Requirement => Return, from the lines below, each one that includes the word "first".

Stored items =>
+++++

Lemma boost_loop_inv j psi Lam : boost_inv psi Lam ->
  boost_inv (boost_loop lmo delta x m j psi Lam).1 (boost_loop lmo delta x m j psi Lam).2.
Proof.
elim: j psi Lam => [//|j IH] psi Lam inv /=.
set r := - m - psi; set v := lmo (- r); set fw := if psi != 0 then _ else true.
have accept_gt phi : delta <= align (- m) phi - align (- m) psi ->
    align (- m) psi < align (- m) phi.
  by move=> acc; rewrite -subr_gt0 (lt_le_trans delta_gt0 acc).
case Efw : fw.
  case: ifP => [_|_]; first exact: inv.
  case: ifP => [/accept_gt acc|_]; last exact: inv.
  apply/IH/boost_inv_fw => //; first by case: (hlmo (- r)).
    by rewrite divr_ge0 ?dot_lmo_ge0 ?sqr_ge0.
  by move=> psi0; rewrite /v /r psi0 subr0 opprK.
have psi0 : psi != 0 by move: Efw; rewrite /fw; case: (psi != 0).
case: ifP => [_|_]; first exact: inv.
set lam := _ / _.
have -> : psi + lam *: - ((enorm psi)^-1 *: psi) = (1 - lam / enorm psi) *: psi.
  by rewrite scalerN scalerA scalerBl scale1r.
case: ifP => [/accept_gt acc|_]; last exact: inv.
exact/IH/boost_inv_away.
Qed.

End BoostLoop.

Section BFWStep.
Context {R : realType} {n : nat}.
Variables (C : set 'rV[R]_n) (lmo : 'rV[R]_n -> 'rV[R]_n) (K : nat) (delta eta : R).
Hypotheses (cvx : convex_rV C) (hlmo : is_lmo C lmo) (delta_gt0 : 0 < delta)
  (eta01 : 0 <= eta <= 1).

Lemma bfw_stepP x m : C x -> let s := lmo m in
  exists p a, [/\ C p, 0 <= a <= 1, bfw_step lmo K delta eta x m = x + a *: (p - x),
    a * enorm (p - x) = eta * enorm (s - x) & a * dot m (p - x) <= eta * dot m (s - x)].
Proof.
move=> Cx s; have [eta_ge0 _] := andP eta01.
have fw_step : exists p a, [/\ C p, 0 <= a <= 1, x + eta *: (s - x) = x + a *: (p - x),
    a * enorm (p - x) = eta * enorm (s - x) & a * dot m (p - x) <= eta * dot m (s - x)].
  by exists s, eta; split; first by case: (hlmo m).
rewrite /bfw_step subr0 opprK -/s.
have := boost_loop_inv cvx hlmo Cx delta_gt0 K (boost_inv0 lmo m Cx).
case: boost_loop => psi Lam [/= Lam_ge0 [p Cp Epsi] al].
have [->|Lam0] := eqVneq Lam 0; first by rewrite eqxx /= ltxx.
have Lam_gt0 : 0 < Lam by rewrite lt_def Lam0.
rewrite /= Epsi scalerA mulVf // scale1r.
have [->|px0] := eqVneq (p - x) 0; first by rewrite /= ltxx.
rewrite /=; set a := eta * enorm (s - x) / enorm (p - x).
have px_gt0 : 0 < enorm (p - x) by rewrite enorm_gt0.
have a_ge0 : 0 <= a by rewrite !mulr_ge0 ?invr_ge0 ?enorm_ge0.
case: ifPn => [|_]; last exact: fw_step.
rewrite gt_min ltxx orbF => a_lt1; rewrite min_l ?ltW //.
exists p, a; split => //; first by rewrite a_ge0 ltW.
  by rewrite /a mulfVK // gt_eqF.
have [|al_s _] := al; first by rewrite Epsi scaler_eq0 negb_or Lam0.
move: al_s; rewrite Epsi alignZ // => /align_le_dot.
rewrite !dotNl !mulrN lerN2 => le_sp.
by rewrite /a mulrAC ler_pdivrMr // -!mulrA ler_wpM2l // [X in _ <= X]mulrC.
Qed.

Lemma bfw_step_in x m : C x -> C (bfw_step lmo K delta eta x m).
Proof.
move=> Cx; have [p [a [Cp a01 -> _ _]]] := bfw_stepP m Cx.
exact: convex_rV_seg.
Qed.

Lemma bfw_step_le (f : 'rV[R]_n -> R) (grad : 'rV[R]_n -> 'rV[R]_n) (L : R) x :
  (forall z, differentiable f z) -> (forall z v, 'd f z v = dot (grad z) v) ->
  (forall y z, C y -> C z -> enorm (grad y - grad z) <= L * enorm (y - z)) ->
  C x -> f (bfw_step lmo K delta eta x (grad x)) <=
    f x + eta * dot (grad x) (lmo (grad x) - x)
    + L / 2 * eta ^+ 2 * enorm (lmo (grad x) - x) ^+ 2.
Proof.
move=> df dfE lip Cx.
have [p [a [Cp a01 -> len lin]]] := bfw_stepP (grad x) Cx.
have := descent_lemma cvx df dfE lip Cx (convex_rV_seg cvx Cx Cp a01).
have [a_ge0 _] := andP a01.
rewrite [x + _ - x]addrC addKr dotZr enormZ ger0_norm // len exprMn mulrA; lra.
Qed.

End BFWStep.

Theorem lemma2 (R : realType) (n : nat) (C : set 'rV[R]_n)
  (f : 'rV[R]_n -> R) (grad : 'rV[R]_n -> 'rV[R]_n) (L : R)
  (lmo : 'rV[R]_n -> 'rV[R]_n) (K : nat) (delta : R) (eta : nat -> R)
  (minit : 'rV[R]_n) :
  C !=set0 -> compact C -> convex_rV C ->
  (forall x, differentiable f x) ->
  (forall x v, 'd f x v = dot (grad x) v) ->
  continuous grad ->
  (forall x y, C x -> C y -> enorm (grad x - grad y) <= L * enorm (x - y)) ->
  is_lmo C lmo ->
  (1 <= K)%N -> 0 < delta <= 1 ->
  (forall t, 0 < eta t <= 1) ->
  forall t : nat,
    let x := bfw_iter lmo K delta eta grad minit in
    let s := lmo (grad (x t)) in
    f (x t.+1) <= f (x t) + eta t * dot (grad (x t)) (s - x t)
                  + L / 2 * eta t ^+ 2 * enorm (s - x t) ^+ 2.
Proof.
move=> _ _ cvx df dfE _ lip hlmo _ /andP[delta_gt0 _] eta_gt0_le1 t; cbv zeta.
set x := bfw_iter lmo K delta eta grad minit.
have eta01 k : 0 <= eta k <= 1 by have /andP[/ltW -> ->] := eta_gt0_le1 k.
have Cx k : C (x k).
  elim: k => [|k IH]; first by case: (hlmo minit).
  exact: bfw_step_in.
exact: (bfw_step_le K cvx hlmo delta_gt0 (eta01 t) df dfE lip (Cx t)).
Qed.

+++++

Result for this task =>
  case: ifP => [_|_]; first exact: inv.
  apply/IH/boost_inv_fw => //; first by case: (hlmo (- r)).
case: ifP => [_|_]; first exact: inv.
  by exists s, eta; split; first by case: (hlmo m).
have [->|Lam0] := eqVneq Lam 0; first by rewrite eqxx /= ltxx.
have [->|px0] := eqVneq (p - x) 0; first by rewrite /= ltxx.
exists p, a; split => //; first by rewrite a_ge0 ltW.
have [|al_s _] := al; first by rewrite Epsi scaler_eq0 negb_or Lam0.
  elim: k => [|k IH]; first by case: (hlmo minit).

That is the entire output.